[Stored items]
----------------

(* Let $n\ge 2$, let $P\subset B_\infty^d(1)$ with $|P|=n$, and let $\sigma:P\to\{-1,+1\}$. Let $\rho$ be an integer with $\rho+1\ge 2e^2d(\sqrt{3\log n}+3)+\log n+2d$, and define the polynomial \[\mathcal{P}_{P,\rho}(x)=\sum_{k=0}^{\rho}\frac{2^k}{k!}\sum_{p\in P}\sigma(p)e^{-\|p\|^2}\langle p,x\rangle^k .\] Then for every $x\in B_\infty^d(\sqrt{3\log n}+3)$, \[\left|\sum_{p\in P}\sigma(p)e^{2\|p\|^2}e^{-\frac13\|x-3p\|^2}-e^{-\frac13\|x\|^2}\mathcal{P}_{P,\rho}(x)\right|\le 1.\]
   Context: $\log$ is the natural logarithm. $B_\infty^d(r)=\{x\in\mathbb{R}^d:|x_j|<r\text{ for all }j\}$. $\|\cdot\|$ is the Euclidean norm and $\langle\cdot,\cdot\rangle$ the standard inner product. *)

From HB Require Import structures.
From mathcomp Require Import all_boot all_order all_algebra.
From mathcomp Require Import all_classical all_reals all_analysis.
Set Implicit Arguments. Unset Strict Implicit. Unset Printing Implicit Defensive.
Import Order.TTheory GRing.Theory Num.Theory.
Local Open Scope ring_scope.

Definition dotp {R : realType} {d : nat} (u v : 'rV[R]_d) : R :=
  \sum_(i < d) u 0 i * v 0 i.

Definition sqnorm {R : realType} {d : nat} (v : 'rV[R]_d) : R := dotp v v.

Definition in_Binf {R : realType} {d : nat} (r : R) (x : 'rV[R]_d) : Prop :=
  forall j : 'I_d, `|x 0 j| < r.

Definition calP {R : realType} {d : nat} (P : seq 'rV[R]_d)
  (sigma : 'rV[R]_d -> R) (rho : nat) (x : 'rV[R]_d) : R :=
  \sum_(0 <= k < rho.+1)
    (2 ^+ k / (k`!)%:R) *
    \sum_(p <- P) sigma p * expR (- sqnorm p) * (dotp p x) ^+ k.

From HB Require Import structures.
From mathcomp Require Import all_boot all_order all_algebra.
From mathcomp Require Import all_classical all_reals all_analysis.
From mathcomp Require Import ring lra.
Import Order.TTheory GRing.Theory Num.Theory.
Local Open Scope ring_scope.

(* Completing the square,
     e^(2||p||^2) e^(-||x-3p||^2/3) = e^(-||x||^2/3) e^(-||p||^2) e^(2<p,x>),
   and calP is exactly sum_p sigma(p) e^(-||p||^2) T_rho(2<p,x>), where T_rho is
   the degree-rho Taylor polynomial of exp.  Hence the error equals
   e^(-||x||^2/3) sum_p sigma(p) e^(-||p||^2) (e^t_p - T_rho(t_p)), t_p = 2<p,x>.
   The Gaussian factor and the weights have modulus at most 1, and for
   x in B_oo(r), r = sqrt(3 log n) + 3, we have |t_p| <= 2dr, so the hypothesis
   on rho yields e^2|t_p| + log n <= rho + 1.  The file first proves the Taylor
   remainder estimate: if e^2|t| + c <= K then |e^t - T_(K-1)(t)| <= e^(-c)
   (each coefficient past K is at most e^(-c) e^(-k), a geometric tail).  With
   c = log n every summand is at most 1/n, and the n summands add up to 1. *)

Section GaussianTaylor.
Variable R : realType.

Definition exp_taylor (t : R) (K : nat) : R := \sum_(0 <= k < K) t ^+ k / k`!%:R.

Lemma geometric_half_le (q : R) (m : nat) : 0 <= q -> 2 * q <= 1 ->
  \sum_(0 <= k < m) q ^+ k.+1 <= 1 - q ^+ m.
Proof.
move=> q_ge0 q_half; elim: m => [|m IH]; first by rewrite big_nil expr0 subrr.
rewrite big_nat_recl // expr1.
have -> : \sum_(0 <= k < m) q ^+ k.+2 = q * \sum_(0 <= k < m) q ^+ k.+1.
  by rewrite mulr_sumr; apply: eq_bigr => k _; rewrite exprS.
have qm_ge0 : 0 <= q ^+ m by rewrite exprn_ge0.
have := ler_wpM2l q_ge0 IH; rewrite exprS; nra.
Qed.

Lemma geometric_tail_le1 (q : R) (K N : nat) : 0 <= q -> 2 * q <= 1 -> (0 < K)%N ->
  \sum_(K <= k < N) q ^+ k <= 1.
Proof.
move=> q_ge0 q_half K_gt0.
have [KN|NK] := leqP K N; last by rewrite big_geq ?ler01 // ltnW.
apply: (@le_trans _ _ (\sum_(1 <= k < N) q ^+ k)).
  rewrite (@big_cat_nat _ _ _ K 1 N) //= lerDr.
  by apply: sumr_ge0 => k _; rewrite exprn_ge0.
rewrite big_add1 /=; apply: le_trans (geometric_half_le q N.-1 q_ge0 q_half) _.
by rewrite lerBlDr lerDl exprn_ge0.
Qed.

(* e >= 2, so the ratio e^(-1) of the coefficient bounds is at most 1/2. *)
Lemma expR1_ge2 : 2 <= expR (1 : R).
Proof. have := expR_ge1Dx (1 : R); lra. Qed.

(* A single Taylor coefficient past the threshold e^2 a + c <= k is at most
   e^(-c) e^(-k), because (e^2 a)^k / k! <= exp(e^2 a) <= e^(k-c). *)
Lemma exp_coeff_bound (a c : R) (k : nat) : 0 <= a -> (0 < k)%N ->
  expR 1 ^+ 2 * a + c <= k%:R ->
  a ^+ k / k`!%:R <= expR (- c) * expR (-1) ^+ k.
Proof.
case: k => // k a_ge0 _ hk.
have e2 : expR 1 ^+ 2 = expR (2 : R) by rewrite -expRM_natl mulr1.
rewrite e2 in hk.
have big_coeff : (expR 2 * a) ^+ k.+1 / k.+1`!%:R <= expR (k.+1%:R - c).
  have := expR_ge1Dxn k (mulr_ge0 (expR_ge0 2) a_ge0).
  have : expR (expR 2 * a) <= expR (k.+1%:R - c) by rewrite ler_expR; lra.
  lra.
have scale : expR (- 2 * k.+1%:R) * expR 2 ^+ k.+1 = 1 :> R.
  by rewrite -expRM_natl -expRD -[RHS]expR0; congr expR; ring.
have -> : a ^+ k.+1 / k.+1`!%:R
    = expR (- 2 * k.+1%:R) * ((expR 2 * a) ^+ k.+1 / k.+1`!%:R).
  by rewrite exprMn mulrA mulrA scale mul1r.
have -> : expR (- c) * expR (-1) ^+ k.+1 = expR (- 2 * k.+1%:R) * expR (k.+1%:R - c).
  by rewrite -expRM_natl -!expRD; congr expR; ring.
by rewrite ler_pM2l ?expR_gt0.
Qed.

(* Taylor polynomials of exp past the threshold change by at most e^(-c):
   the increment is a sum of coefficients bounded by e^(-c) e^(-k), and the
   ratio e^(-1) is at most 1/2. *)
Lemma exp_taylor_increment (t c : R) (K N : nat) : (0 < K)%N -> (K <= N)%N ->
  expR 1 ^+ 2 * `|t| + c <= K%:R ->
  `|exp_taylor t N - exp_taylor t K| <= expR (- c).
Proof.
move=> K_gt0 KN hK.
rewrite /exp_taylor (@big_cat_nat _ _ _ K 0 N _ _ (leq0n K) KN) /= addrC addrK.
apply: le_trans (ler_norm_sum _ _ _) _.
apply: (@le_trans _ _ (\sum_(K <= k < N) expR (- c) * expR (-1) ^+ k)).
  rewrite big_nat [X in _ <= X]big_nat; apply: ler_sum => k /andP[Kk _].
  rewrite normrM normfV normr_nat normrX.
  apply: exp_coeff_bound; first exact: normr_ge0.
    exact: leq_trans Kk.
  by apply: le_trans hK _; rewrite ler_nat.
rewrite -mulr_sumr -[X in _ <= X]mulr1 ler_wpM2l ?expR_ge0 //.
apply: (geometric_tail_le1 _ _ _ (expR_ge0 _) _ K_gt0).
rewrite expRN -ler_pdivlMr ?invr_gt0 ?expR_gt0 // mul1r invrK.
exact: expR1_ge2.
Qed.

(* Taylor remainder estimate for exp, obtained by letting N -> oo above:
   if e^2|t| + c <= K then |e^t - sum_(k<K) t^k/k!| <= e^(-c). *)
Lemma exp_taylor_error (t c : R) (K : nat) : (0 < K)%N ->
  expR 1 ^+ 2 * `|t| + c <= K%:R ->
  `|expR t - exp_taylor t K| <= expR (- c).
Proof.
move=> K_gt0 hK.
have near_T (N : nat) : (K <= N)%N ->
    exp_taylor t K - expR (- c) <= series (exp_coeff t) N <= exp_taylor t K + expR (- c).
  move=> KN; have := exp_taylor_increment _ _ _ _ K_gt0 KN hK.
  by rewrite ler_distl.
have cv := is_cvg_series_exp_coeff t.
rewrite ler_distl; apply/andP; split.
- by apply: limr_ge cv _; exists K => // N /= /near_T /andP[].
- by apply: limr_le cv _; exists K => // N /= /near_T /andP[].
Qed.

Section GaussianSum.
Variable d : nat.
Implicit Types (p x : 'rV[R]_d) (P : seq 'rV[R]_d).

Lemma sqnorm_ge0 x : 0 <= sqnorm x.
Proof. by apply: sumr_ge0 => i _; rewrite -expr2 sqr_ge0. Qed.

Lemma sqnorm_sub_scale (a : R) x p :
  sqnorm (x - a *: p) = sqnorm x - 2 * a * dotp p x + a ^+ 2 * sqnorm p.
Proof.
rewrite /sqnorm /dotp !mulr_sumr -sumrN -!big_split /=.
by apply: eq_bigr => i _; rewrite !mxE; ring.
Qed.

Lemma dotp_Binf_bound (s r : R) p x :
  in_Binf s p -> in_Binf r x -> `|dotp p x| <= d%:R * (s * r).
Proof.
move=> hp hx; apply: le_trans (ler_norm_sum _ _ _) _.
have -> : d%:R * (s * r) = \sum_(i < d) s * r by rewrite sumr_const card_ord mulr_natl.
apply: ler_sum => i _.
rewrite normrM; have := hp i; have := hx i.
have := normr_ge0 (p 0 i); have := normr_ge0 (x 0 i); nra.
Qed.

Lemma gaussian_shift p x :
  expR (2 * sqnorm p) * expR (- (1/3) * sqnorm (x - 3 *: p)) =
  expR (- (1/3) * sqnorm x) * (expR (- sqnorm p) * expR (2 * dotp p x)).
Proof. by rewrite -!expRD sqnorm_sub_scale; congr expR; field. Qed.

Lemma calP_exp_taylor P (sigma : 'rV[R]_d -> R) (rho : nat) x :
  calP P sigma rho x =
  \sum_(p <- P) sigma p * expR (- sqnorm p) * exp_taylor (2 * dotp p x) rho.+1.
Proof.
rewrite /calP; under eq_bigr do rewrite mulr_sumr.
rewrite exchange_big /=; apply: eq_bigr => p _.
rewrite /exp_taylor mulr_sumr; apply: eq_bigr => k _; rewrite exprMn; ring.
Qed.

Lemma gaussian_sum_error P (sigma : 'rV[R]_d -> R) (rho : nat) x :
  \sum_(p <- P) sigma p * expR (2 * sqnorm p) * expR (- (1/3) * sqnorm (x - 3 *: p))
    - expR (- (1/3) * sqnorm x) * calP P sigma rho x
  = expR (- (1/3) * sqnorm x) * \sum_(p <- P) sigma p * expR (- sqnorm p)
      * (expR (2 * dotp p x) - exp_taylor (2 * dotp p x) rho.+1).
Proof.
rewrite calP_exp_taylor; set g := expR (- (1/3) * sqnorm x).
rewrite !mulr_sumr -sumrB; apply: eq_bigr => p _.
by rewrite -(mulrA (sigma p)) gaussian_shift -/g; ring.
Qed.

(* Each summand of the error is at most 1/n: the weight s e^(-||p||^2) has
   modulus at most 1, and the degree bound on rho makes the Taylor remainder
   at t = 2<p,x> at most e^(-ln n) = 1/n. *)
Lemma weighted_taylor_error (n rho : nat) (r s : R) p x : (0 < n)%N ->
  `|s| <= 1 -> in_Binf 1 p -> in_Binf r x ->
  2 * expR 1 ^+ 2 * d%:R * r + ln (n%:R : R) + 2 * d%:R <= rho%:R + 1 ->
  `|s * expR (- sqnorm p)
      * (expR (2 * dotp p x) - exp_taylor (2 * dotp p x) rho.+1)| <= n%:R^-1.
Proof.
move=> n_gt0 s_le1 hp hx hrho.
have weight_le1 : `|s * expR (- sqnorm p)| <= 1.
  have e_le1 : expR (- sqnorm p) <= 1 by rewrite expR_le1 oppr_le0 sqnorm_ge0.
  rewrite normrM (ger0_norm (expR_ge0 _)).
  by apply: le_trans (ler_pM (normr_ge0 s) (expR_ge0 _) s_le1 e_le1) _; rewrite mulr1.
have budget : expR 1 ^+ 2 * `|2 * dotp p x| + ln (n%:R : R) <= rho.+1%:R.
  have dot_le := dotp_Binf_bound _ _ _ _ hp hx; rewrite mul1r in dot_le.
  have e2_ge0 : 0 <= expR (1 : R) ^+ 2 by rewrite exprn_ge0 ?expR_ge0.
  have := ler_wpM2l e2_ge0 dot_le; have : 0 <= d%:R :> R by [].
  rewrite normrM ger0_norm // -addn1 natrD; lra.
have := exp_taylor_error _ _ _ (ltn0Sn rho) budget.
rewrite expRN lnK ?posrE ?ltr0n // => remainder_le.
rewrite normrM -[_^-1]mul1r.
exact: ler_pM (normr_ge0 _) (normr_ge0 _) weight_le1 remainder_le.
Qed.
End GaussianSum.

Lemma sum_le_size_mul (T : eqType) (s : seq T) (f : T -> R) (b : R) :
  (forall i, i \in s -> f i <= b) -> \sum_(i <- s) f i <= (size s)%:R * b.
Proof.
move=> f_le; rewrite mulr_natl -(count_predT s) -iter_addr_0 -big_const_seq.
by rewrite big_seq [X in _ <= X]big_seq; apply: ler_sum.
Qed.
End GaussianTaylor.
Arguments exp_taylor {R} t K.

Theorem mainTheorem4 (R : realType) (d n : nat) (P : seq 'rV[R]_d)
  (sigma : 'rV[R]_d -> R) (rho : nat) :
  (2 <= n)%N ->
  uniq P -> size P = n ->
  (forall p, p \in P -> in_Binf 1 p) ->
  (forall p, p \in P -> sigma p = 1 \/ sigma p = -1) ->
  2 * expR (1 : R) ^+ 2 * d%:R * (Num.sqrt (3 * ln (n%:R : R)) + 3) + ln (n%:R : R) + 2 * d%:R
    <= rho%:R + 1 ->
  forall x : 'rV[R]_d, in_Binf (Num.sqrt (3 * ln (n%:R : R)) + 3) x ->
  `| \sum_(p <- P) sigma p * expR (2 * sqnorm p)
        * expR (- (1/3) * sqnorm (x - 3 *: p))
     - expR (- (1/3) * sqnorm x) * calP P sigma rho x | <= 1.
Proof.
move=> n_ge2 _ sizeP inP sign rho_ge x inx.
have n_gt0 : (0 < n)%N by apply: leq_trans n_ge2.
rewrite gaussian_sum_error normrM.
have gauss_le1 : `|expR (- (1/3) * sqnorm x)| <= 1.
  rewrite ger0_norm ?expR_ge0 // expR_le1.
  by rewrite mulNr oppr_le0 mulr_ge0 ?sqnorm_ge0.
have error_le1 : `|\sum_(p <- P) sigma p * expR (- sqnorm p)
    * (expR (2 * dotp p x) - exp_taylor (2 * dotp p x) rho.+1)| <= 1.
  apply: le_trans (ler_norm_sum _ _ _) _.
  apply: le_trans (@sum_le_size_mul R _ P _ n%:R^-1 _) _.
    move=> p pP; apply: weighted_taylor_error => //; last exact: inP.
    by case: (sign p pP) => ->; rewrite ?normrN normr1.
  by rewrite sizeP mulfV // pnatr_eq0 -lt0n.
by apply: le_trans (ler_pM (normr_ge0 _) (normr_ge0 _) gauss_le1 error_le1) _; rewrite mulr1.
Qed.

----------------

**WHAT IS BEING ASKED**: All lines above from the one with "Lemma exp_coeff_bound (a" to the one with "have := expR_ge1Dxn", inclusive, should be copied exactly, and no other lines.

**WRITTEN ANSWER**:
Lemma exp_coeff_bound (a c : R) (k : nat) : 0 <= a -> (0 < k)%N ->
  expR 1 ^+ 2 * a + c <= k%:R ->
  a ^+ k / k`!%:R <= expR (- c) * expR (-1) ^+ k.
Proof.
case: k => // k a_ge0 _ hk.
have e2 : expR 1 ^+ 2 = expR (2 : R) by rewrite -expRM_natl mulr1.
rewrite e2 in hk.
have big_coeff : (expR 2 * a) ^+ k.+1 / k.+1`!%:R <= expR (k.+1%:R - c).
  have := expR_ge1Dxn k (mulr_ge0 (expR_ge0 2) a_ge0).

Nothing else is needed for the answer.